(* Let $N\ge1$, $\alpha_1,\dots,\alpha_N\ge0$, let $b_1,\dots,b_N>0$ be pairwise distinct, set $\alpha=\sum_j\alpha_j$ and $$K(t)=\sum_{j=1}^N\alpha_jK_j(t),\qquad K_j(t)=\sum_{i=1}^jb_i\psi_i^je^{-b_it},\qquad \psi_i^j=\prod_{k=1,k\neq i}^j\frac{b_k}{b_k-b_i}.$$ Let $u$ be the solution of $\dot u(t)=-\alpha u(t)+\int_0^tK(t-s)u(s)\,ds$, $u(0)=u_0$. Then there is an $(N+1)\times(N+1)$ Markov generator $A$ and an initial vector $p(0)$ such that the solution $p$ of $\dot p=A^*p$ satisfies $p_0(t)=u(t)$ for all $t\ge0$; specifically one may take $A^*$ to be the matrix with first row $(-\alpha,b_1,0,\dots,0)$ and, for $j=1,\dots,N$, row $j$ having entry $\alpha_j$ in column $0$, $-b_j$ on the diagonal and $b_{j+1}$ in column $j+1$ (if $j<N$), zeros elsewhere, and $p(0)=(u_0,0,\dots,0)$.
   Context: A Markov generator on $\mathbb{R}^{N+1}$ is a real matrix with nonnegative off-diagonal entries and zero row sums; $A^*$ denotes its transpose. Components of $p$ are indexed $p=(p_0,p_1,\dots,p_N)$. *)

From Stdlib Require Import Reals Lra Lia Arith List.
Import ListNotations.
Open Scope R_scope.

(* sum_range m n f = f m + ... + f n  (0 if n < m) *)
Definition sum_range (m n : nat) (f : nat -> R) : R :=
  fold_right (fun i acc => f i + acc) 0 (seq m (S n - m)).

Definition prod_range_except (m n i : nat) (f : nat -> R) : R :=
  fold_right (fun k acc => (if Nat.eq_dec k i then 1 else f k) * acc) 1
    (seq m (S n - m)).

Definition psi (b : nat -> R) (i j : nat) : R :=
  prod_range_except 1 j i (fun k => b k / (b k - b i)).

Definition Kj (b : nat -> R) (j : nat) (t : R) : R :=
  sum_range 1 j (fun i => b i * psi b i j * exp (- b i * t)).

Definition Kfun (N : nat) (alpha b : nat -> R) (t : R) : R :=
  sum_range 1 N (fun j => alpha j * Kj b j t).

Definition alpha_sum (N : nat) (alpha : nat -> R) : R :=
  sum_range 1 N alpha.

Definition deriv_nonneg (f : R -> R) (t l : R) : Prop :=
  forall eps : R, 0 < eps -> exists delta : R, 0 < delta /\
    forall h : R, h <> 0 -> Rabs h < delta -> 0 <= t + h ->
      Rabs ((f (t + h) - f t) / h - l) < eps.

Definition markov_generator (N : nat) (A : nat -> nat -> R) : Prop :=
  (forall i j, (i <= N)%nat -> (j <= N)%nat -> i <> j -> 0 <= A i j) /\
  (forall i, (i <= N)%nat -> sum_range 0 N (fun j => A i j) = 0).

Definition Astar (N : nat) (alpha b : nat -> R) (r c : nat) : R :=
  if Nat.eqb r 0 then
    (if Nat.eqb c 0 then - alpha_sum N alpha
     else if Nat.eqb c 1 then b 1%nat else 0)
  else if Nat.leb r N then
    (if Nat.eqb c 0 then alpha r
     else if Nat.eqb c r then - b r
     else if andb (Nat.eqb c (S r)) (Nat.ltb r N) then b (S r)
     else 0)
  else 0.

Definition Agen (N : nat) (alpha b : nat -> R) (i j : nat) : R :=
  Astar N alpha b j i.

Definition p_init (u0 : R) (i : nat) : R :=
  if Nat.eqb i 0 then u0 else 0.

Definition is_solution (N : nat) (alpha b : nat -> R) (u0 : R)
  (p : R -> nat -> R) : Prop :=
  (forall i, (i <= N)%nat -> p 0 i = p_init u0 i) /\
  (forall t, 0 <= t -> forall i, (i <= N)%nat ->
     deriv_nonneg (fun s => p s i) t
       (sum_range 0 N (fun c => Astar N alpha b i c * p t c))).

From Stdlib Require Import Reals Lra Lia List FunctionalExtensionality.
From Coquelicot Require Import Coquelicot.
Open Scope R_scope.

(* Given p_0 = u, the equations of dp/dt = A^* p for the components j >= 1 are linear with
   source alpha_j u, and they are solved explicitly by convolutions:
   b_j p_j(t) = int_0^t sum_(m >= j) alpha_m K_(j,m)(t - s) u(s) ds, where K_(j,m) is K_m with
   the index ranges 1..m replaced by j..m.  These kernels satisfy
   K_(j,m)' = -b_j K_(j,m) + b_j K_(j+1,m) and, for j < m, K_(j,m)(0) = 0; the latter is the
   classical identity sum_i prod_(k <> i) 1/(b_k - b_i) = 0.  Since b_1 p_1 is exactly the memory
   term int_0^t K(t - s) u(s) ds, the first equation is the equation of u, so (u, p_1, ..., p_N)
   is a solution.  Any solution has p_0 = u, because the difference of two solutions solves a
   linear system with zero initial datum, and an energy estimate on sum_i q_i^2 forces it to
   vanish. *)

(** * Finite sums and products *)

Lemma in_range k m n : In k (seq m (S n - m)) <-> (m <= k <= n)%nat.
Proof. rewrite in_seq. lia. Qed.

------------------------------------------------

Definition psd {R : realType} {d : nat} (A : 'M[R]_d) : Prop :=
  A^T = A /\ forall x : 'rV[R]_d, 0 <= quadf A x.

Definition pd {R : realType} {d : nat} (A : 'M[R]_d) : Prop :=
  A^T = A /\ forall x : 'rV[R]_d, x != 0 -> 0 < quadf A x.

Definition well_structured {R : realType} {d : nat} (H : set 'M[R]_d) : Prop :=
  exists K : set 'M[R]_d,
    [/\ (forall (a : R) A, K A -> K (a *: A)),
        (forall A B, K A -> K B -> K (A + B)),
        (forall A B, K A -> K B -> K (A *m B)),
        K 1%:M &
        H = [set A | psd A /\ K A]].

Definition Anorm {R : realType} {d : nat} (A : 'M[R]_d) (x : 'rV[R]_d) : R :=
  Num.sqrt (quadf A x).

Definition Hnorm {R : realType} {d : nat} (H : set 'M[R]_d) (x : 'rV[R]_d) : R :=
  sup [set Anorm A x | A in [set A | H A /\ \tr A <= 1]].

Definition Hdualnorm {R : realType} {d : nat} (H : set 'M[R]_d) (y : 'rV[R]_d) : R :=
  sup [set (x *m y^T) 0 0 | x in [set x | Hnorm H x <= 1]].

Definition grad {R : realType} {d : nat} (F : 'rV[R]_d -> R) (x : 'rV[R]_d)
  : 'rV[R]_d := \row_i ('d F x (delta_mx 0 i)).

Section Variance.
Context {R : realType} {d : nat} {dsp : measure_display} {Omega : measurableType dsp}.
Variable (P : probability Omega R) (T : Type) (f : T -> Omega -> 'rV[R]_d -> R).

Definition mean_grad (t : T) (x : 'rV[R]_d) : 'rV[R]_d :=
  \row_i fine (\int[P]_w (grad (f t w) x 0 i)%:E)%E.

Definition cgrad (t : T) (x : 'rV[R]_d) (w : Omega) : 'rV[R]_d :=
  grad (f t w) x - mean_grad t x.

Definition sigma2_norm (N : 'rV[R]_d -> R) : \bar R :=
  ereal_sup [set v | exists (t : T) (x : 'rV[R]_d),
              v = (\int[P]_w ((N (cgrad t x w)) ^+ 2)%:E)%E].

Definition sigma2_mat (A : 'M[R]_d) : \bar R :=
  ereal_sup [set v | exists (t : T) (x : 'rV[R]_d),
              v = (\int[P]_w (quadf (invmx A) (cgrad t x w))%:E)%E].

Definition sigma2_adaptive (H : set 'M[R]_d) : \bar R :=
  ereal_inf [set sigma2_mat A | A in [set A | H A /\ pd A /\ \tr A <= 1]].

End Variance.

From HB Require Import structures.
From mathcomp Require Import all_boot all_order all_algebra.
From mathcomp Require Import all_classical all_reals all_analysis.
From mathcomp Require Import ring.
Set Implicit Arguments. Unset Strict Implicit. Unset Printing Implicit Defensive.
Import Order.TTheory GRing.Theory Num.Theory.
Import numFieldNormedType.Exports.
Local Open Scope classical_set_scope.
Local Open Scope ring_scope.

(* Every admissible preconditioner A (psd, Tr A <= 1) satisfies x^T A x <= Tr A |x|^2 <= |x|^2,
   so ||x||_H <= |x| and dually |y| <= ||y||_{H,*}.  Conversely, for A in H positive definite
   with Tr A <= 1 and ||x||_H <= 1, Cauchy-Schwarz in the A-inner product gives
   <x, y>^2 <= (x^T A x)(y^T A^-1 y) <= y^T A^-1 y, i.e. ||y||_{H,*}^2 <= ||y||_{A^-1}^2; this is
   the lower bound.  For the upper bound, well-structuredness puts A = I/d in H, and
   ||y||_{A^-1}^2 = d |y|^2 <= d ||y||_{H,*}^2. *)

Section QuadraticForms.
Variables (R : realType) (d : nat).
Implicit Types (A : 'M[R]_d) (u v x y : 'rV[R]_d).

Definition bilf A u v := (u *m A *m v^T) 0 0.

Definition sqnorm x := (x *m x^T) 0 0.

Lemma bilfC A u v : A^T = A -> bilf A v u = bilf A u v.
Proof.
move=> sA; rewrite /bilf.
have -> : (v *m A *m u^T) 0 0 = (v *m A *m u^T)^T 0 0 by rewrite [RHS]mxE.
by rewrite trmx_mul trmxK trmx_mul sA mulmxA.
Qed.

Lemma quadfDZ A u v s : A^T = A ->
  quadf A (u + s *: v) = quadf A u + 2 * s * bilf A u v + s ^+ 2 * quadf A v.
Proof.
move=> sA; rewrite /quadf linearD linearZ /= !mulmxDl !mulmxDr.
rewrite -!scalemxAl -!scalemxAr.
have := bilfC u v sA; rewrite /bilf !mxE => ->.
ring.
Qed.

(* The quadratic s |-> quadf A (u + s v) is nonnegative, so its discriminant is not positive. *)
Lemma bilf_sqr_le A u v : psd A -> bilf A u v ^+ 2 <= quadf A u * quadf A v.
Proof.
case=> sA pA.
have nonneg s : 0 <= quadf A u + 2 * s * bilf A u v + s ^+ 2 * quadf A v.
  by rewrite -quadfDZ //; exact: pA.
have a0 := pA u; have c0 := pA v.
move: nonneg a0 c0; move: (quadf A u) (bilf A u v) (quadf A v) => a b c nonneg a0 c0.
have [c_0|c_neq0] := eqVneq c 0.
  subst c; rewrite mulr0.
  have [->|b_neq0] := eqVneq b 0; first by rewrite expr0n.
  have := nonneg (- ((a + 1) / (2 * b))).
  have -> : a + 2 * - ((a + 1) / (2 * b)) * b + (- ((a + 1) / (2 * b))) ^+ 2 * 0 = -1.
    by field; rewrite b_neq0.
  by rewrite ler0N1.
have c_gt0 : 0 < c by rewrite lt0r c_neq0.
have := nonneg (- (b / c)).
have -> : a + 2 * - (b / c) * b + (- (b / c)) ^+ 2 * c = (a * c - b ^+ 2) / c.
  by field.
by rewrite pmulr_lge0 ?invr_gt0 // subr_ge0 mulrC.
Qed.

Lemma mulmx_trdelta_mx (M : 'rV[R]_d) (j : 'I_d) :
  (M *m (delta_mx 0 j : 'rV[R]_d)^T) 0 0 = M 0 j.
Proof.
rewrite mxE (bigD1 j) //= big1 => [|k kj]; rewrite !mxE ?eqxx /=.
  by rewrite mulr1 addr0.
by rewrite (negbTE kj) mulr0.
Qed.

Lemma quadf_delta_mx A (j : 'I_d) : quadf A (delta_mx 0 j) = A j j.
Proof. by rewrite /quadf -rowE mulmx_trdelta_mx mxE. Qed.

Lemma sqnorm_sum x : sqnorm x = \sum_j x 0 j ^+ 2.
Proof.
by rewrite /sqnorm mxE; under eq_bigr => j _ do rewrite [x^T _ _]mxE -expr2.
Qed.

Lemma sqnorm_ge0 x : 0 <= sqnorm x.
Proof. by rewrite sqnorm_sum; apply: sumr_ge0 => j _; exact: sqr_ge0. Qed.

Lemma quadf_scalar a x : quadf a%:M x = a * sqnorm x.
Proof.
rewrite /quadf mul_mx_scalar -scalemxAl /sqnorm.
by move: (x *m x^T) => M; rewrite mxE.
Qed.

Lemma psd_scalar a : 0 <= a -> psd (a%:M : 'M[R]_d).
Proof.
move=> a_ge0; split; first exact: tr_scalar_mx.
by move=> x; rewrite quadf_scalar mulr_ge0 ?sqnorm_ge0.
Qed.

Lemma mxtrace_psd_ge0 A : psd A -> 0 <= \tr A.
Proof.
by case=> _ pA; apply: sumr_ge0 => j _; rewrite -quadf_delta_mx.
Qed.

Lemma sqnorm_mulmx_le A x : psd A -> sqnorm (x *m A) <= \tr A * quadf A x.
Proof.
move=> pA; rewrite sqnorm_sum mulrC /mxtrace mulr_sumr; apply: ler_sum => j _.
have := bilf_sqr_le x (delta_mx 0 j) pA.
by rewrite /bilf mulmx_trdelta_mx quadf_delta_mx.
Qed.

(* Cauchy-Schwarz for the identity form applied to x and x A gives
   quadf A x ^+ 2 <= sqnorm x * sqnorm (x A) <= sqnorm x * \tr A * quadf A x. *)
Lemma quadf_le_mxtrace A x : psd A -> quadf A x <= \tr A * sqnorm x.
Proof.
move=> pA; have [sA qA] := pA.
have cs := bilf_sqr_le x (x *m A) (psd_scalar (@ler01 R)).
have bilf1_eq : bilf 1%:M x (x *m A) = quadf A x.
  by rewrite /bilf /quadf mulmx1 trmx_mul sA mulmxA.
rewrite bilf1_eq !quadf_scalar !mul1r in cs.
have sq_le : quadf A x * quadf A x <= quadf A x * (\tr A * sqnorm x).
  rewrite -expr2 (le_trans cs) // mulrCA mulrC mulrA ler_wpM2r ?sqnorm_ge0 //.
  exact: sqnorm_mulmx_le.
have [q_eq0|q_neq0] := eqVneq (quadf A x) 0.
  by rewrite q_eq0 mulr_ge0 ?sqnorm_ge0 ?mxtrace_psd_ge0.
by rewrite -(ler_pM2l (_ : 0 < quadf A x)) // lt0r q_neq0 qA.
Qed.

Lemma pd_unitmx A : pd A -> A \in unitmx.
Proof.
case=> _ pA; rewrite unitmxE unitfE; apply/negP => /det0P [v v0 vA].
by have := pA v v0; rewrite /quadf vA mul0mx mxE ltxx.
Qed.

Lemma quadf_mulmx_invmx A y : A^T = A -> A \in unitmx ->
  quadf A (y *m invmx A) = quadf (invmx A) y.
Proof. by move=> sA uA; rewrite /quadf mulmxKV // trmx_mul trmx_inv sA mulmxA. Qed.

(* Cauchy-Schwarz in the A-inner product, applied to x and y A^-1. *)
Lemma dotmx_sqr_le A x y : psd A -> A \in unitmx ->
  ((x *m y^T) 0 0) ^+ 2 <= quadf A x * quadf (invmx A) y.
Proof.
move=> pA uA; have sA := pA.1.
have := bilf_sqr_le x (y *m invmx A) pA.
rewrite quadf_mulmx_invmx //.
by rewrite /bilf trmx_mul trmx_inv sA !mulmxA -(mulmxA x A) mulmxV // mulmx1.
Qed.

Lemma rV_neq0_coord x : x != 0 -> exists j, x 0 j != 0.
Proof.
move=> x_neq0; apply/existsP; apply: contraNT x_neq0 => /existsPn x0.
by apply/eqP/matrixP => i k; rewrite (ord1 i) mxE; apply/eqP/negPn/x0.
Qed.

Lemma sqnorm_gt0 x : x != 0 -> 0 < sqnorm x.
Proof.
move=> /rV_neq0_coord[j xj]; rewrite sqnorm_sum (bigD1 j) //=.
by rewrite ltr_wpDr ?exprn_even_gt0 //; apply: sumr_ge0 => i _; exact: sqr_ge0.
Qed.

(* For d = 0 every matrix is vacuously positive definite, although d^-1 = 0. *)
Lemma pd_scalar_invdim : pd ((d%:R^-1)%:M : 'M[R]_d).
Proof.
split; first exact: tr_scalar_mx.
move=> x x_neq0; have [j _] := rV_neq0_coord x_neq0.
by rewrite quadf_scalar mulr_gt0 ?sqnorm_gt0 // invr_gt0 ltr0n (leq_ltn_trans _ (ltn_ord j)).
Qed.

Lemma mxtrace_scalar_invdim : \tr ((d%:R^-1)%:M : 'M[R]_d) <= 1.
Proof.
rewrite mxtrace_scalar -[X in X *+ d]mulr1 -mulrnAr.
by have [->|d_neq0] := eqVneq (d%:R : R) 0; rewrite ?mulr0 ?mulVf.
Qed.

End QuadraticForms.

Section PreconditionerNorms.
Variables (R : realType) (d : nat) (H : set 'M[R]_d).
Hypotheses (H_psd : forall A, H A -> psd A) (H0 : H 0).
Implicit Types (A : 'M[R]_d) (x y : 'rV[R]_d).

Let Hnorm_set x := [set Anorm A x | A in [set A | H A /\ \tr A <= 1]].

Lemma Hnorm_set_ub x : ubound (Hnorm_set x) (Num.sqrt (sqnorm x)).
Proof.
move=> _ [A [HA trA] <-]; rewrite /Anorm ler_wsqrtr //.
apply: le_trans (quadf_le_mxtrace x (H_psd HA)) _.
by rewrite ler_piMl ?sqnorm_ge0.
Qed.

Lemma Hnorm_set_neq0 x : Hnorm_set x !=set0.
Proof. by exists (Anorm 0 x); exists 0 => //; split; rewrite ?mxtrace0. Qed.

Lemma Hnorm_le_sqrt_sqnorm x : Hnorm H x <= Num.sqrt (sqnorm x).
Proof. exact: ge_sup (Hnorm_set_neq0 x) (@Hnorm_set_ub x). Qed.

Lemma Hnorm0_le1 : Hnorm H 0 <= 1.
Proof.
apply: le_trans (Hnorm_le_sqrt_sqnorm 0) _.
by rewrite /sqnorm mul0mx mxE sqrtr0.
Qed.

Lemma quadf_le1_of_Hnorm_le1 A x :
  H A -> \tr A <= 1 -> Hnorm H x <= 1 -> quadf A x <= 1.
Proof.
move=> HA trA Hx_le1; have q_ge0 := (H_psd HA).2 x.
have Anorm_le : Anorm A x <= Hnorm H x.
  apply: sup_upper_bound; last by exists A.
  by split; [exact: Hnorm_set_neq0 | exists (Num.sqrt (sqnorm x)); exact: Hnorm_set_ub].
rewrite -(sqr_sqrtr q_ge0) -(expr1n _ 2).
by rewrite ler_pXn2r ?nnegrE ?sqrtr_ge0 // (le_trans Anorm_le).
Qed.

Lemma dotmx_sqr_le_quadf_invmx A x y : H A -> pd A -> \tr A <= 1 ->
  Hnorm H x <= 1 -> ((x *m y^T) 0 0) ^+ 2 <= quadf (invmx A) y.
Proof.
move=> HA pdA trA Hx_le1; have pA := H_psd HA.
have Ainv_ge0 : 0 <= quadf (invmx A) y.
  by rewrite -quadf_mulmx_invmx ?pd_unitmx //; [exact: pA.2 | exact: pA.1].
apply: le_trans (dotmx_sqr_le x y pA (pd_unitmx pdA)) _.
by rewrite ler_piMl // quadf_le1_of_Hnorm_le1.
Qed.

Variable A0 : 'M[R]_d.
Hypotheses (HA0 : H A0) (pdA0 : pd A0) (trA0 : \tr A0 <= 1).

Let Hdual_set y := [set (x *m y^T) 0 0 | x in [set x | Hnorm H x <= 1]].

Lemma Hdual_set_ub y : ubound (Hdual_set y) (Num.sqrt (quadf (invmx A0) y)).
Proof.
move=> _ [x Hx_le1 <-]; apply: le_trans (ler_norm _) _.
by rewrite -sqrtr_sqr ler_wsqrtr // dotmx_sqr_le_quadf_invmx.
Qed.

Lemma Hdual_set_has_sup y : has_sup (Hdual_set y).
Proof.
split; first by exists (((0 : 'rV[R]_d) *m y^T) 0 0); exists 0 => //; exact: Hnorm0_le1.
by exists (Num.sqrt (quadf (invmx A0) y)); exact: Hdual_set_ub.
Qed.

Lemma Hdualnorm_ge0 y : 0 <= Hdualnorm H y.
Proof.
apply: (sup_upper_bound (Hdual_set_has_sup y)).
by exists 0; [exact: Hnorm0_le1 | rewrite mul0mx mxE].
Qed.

------------------------------------------------

Find the lines above that contain the word "scalemxAl" and copy each one.

rewrite -!scalemxAl -!scalemxAr.
rewrite /quadf mul_mx_scalar -scalemxAl /sqnorm.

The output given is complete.